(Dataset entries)
* * * * * * * * *

Definition has_dim (S : set V) (n : nat) : Prop :=
  exists b : 'I_n -> V,
    [/\ (forall i, S (b i)),
        (forall c : 'I_n -> R[i], \sum_i c i *: b i = 0 -> forall i, c i = 0) &
        (forall x, S x -> exists c : 'I_n -> R[i], x = \sum_i c i *: b i)].

Definition finite_dim (S : set V) : Prop := exists n, has_dim S n.

Definition same_dim (S1 S2 : set V) : Prop := exists n, has_dim S1 n /\ has_dim S2 n.

Definition pert (H0 w : V -> V) (l : R) : V -> V := fun x => H0 x + l%:C *: w x.

Definition refl_ginv (H0 G : V -> V) : Prop :=
  (forall x, G (H0 (G x)) = G x) /\ (forall x, H0 (G (H0 x)) = H0 x).

(* Ker H0 is stable against w: P_{Ker(H0 + l w)} -> P_{Ker H0} in operator norm
   as l -> 0 (l real).  P is any choice of the orthogonal projectors (they are unique). *)
Definition ker_stable (H0 w : V -> V) : Prop :=
  forall P : R -> V -> V,
    (forall l, is_orth_proj (Ker (pert H0 w l)) (P l)) ->
    is_orth_proj (Ker H0) (P 0) ->
    (fun l => opnorm (fun x => P l x - P 0 x)) @ (0 : R)^' --> (0 : R).

End Hilbert.

(* Write P_l for the orthogonal projector onto Ker (H0 + l w).  The theorem
   follows from two facts about orthogonal projectors P0, P1 onto subspaces
   T0, T1 of a Hilbert space:
   (a) if |P1 z - P0 z| <= c |z| for all z, with c < 1, then each projector is
       injective on the other subspace, so P1 maps a basis of T0 to a basis
       of T1 and dim T1 = dim T0;
   (b) if dim T1 = dim T0 is finite and |x - P0 x| <= eps |x| on T1, with
       eps <= 1/2, then |P1 z - P0 z| <= 3 eps |z| for all z;
   together with the kernel estimate |x - P_0 x| <= C |l| |x| on Ker (H0 + l w),
   which comes from the bounded reflexive generalized inverse G: the vector
   x - G (H0 x) lies in Ker H0 and G (H0 x) = - l G (w x).
   Stability makes |P_l - P_0| < 1 near 0, so the dimension is constant by (a);
   conversely a constant dimension and the kernel estimate give
   |P_l - P_0| <= 3 C |l| by (b). *)

From HB Require Import structures.
From mathcomp Require Import all_boot all_order all_algebra.
From mathcomp Require Import all_classical all_reals all_analysis.
From mathcomp Require Import complex.
From mathcomp Require Import ring lra.
Set Implicit Arguments. Unset Strict Implicit. Unset Printing Implicit Defensive.
Import Order.TTheory GRing.Theory Num.Theory numFieldNormedType.Exports.
Local Open Scope classical_set_scope.
Local Open Scope ring_scope.

Lemma cvg0_of_eps (R : realType) (f : R -> R) :
  (forall e : R, 0 < e -> exists2 d : R, 0 < d &
     forall l, `|l| < d -> l != 0 -> `|f l| < e) ->
  f @ (0 : R)^' --> (0 : R).
Proof.
move=> h; apply/cvgrPdist_lt => e e0.
have [d d0 hd] := h e e0.
apply/nbhs_normP; exists d => //= l /= hl hl0.
by rewrite sub0r normrN; apply: hd => //; rewrite -(normrN l) -(sub0r l).
Qed.

Lemma cvg0_eps (R : realType) (f : R -> R) :
  f @ (0 : R)^' --> (0 : R) ->
  forall e : R, 0 < e -> exists2 d : R, 0 < d &
    forall l, `|l| < d -> l != 0 -> `|f l| < e.
Proof.
move=> /cvgrPdist_lt h e e0.
have /nbhs_normP [d d0 hd] := h e e0.
exists d => // l hl hl0.
have := hd l; rewrite sub0r normrN; apply => //.
by rewrite /ball_ /= sub0r normrN.
Qed.

Lemma exists_nat (R : realType) (z : R) : exists N : nat, z < N%:R.
Proof.
exists (Num.bound `|z|); apply: le_lt_trans (ler_norm z) _.
exact: archi_boundP.
Qed.

Definition recip (R : realType) (k : nat) : R := (k.+1%:R)^-1.

Lemma recip_gt0 (R : realType) k : 0 < recip R k.
Proof. by rewrite /recip invr_gt0 ltr0Sn. Qed.

Lemma recip_le1 (R : realType) k : recip R k <= 1.
Proof. by rewrite /recip invf_le1 ?ltr0Sn // ler1n. Qed.

Lemma recip_small (R : realType) (e : R) :
  0 < e -> exists N, forall k, (N <= k)%N -> recip R k < e.
Proof.
move=> e0; have [N hN] := exists_nat e^-1.
exists N => k hk; rewrite /recip -(invrK e) ltf_pV2 ?posrE ?ltr0Sn ?invr_gt0 //.
by apply: lt_le_trans hN _; rewrite ler_nat; exact: leq_trans hk (leqnSn k).
Qed.

(* A real quadratic t |-> -2 t r + t^2 q that is everywhere nonnegative has
   no linear term; this is the variational core of orthogonality. *)
Lemma quad_ge0_lin0 (R : realType) (r q : R) :
  0 <= q -> (forall t, 0 <= - 2 * t * r + t ^+ 2 * q) -> r = 0.
Proof.
move=> q0 h; pose t := r / (q + 1).
have q1 : q + 1 != 0 by rewrite gt_eqF // ltr_wpDl.
have rt : r = t * (q + 1) by rewrite /t divfK.
have := h t; rewrite rt => ht.
have h2 : t ^+ 2 * (q + 2) <= 0 by nra.
have t0 : t = 0.
  apply/eqP; rewrite -sqrf_eq0 eq_le sqr_ge0 andbT.
  by rewrite -(pmulr_lle0 _ (_ : 0 < q + 2)) // ltr_wpDl.
by rewrite t0 mul0r.
Qed.

Section ComplexParts.
Local Open Scope complex_scope.
Variable R : realType.

Lemma Re_realM (t : R) (z : R[i]) : complex.Re (t%:C * z) = t * complex.Re z.
Proof. by case: z => a b /=; rewrite mul0r subr0. Qed.
Lemma ReD (a b : R[i]) : complex.Re (a + b) = complex.Re a + complex.Re b.
Proof. by case: a; case: b. Qed.
Lemma ReN (a : R[i]) : complex.Re (- a) = - complex.Re a.
Proof. by case: a. Qed.
Lemma ReJ (a : R[i]) : complex.Re (a^*) = complex.Re a.
Proof. by case: a. Qed.

Lemma halfC_double (V : lmodType R[i]) (v : V) : (2^-1 : R)%:C *: (v + v) = v.
Proof.
rewrite -mulr2n -(scaler_nat 2 v) scalerA.
have -> : (2^-1 : R)%:C * 2%:R = 1.
  by apply/eqP; rewrite eq_complex /=; apply/andP; split; apply/eqP; field.
by rewrite scale1r.
Qed.

End ComplexParts.

Section Linear.
Variables (R : realType) (V : lmodType R[i]).

Definition linop (A : V -> V) := forall a x y, A (a *: x + y) = a *: A x + A y.
Definition subsp (S : set V) := S 0 /\ (forall a x y, S x -> S y -> S (a *: x + y)).

Section LinearMap.
Variable A : V -> V.
Hypothesis hA : linop A.

Lemma lin0 : A 0 = 0.
Proof.
have := hA 1 0 0; rewrite scaler0 addr0 scale1r => /eqP.
by rewrite -subr_eq0 opprD addrA subrr sub0r oppr_eq0 => /eqP.
Qed.
Lemma linD x y : A (x + y) = A x + A y.
Proof. by have := hA 1 x y; rewrite !scale1r. Qed.
Lemma linZ a x : A (a *: x) = a *: A x.
Proof. by have := hA a x 0; rewrite !addr0 lin0 addr0. Qed.
Lemma linN x : A (- x) = - A x.
Proof. by rewrite -scaleN1r linZ scaleN1r. Qed.
Lemma linB x y : A (x - y) = A x - A y.
Proof. by rewrite linD linN. Qed.
Lemma linS n (c : 'I_n -> R[i]) (b : 'I_n -> V) :
  A (\sum_i c i *: b i) = \sum_i c i *: A (b i).
Proof.
apply: (big_ind2 (fun u v => A u = v)) => [|u1 u2 v1 v2 <- <-|i _].
- exact: lin0.
- exact: linD.
- exact: linZ.
Qed.
Lemma Ker_subsp : subsp (Ker A).
Proof.
split; first exact: lin0.
by move=> a x y; rewrite /Ker /= hA => -> ->; rewrite scaler0 addr0.
Qed.
End LinearMap.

* * * * * * * * *

= GOAL OF THE EXERCISE =
What is needed is an exact copy of the lines above, from the one containing "Proof. by have := hA 1" through the one containing "Lemma linS n", with nothing added.

= WRITTEN RESPONSE =
Proof. by have := hA 1 x y; rewrite !scale1r. Qed.
Lemma linZ a x : A (a *: x) = a *: A x.
Proof. by have := hA a x 0; rewrite !addr0 lin0 addr0. Qed.
Lemma linN x : A (- x) = - A x.
Proof. by rewrite -scaleN1r linZ scaleN1r. Qed.
Lemma linB x y : A (x - y) = A x - A y.
Proof. by rewrite linD linN. Qed.
Lemma linS n (c : 'I_n -> R[i]) (b : 'I_n -> V) :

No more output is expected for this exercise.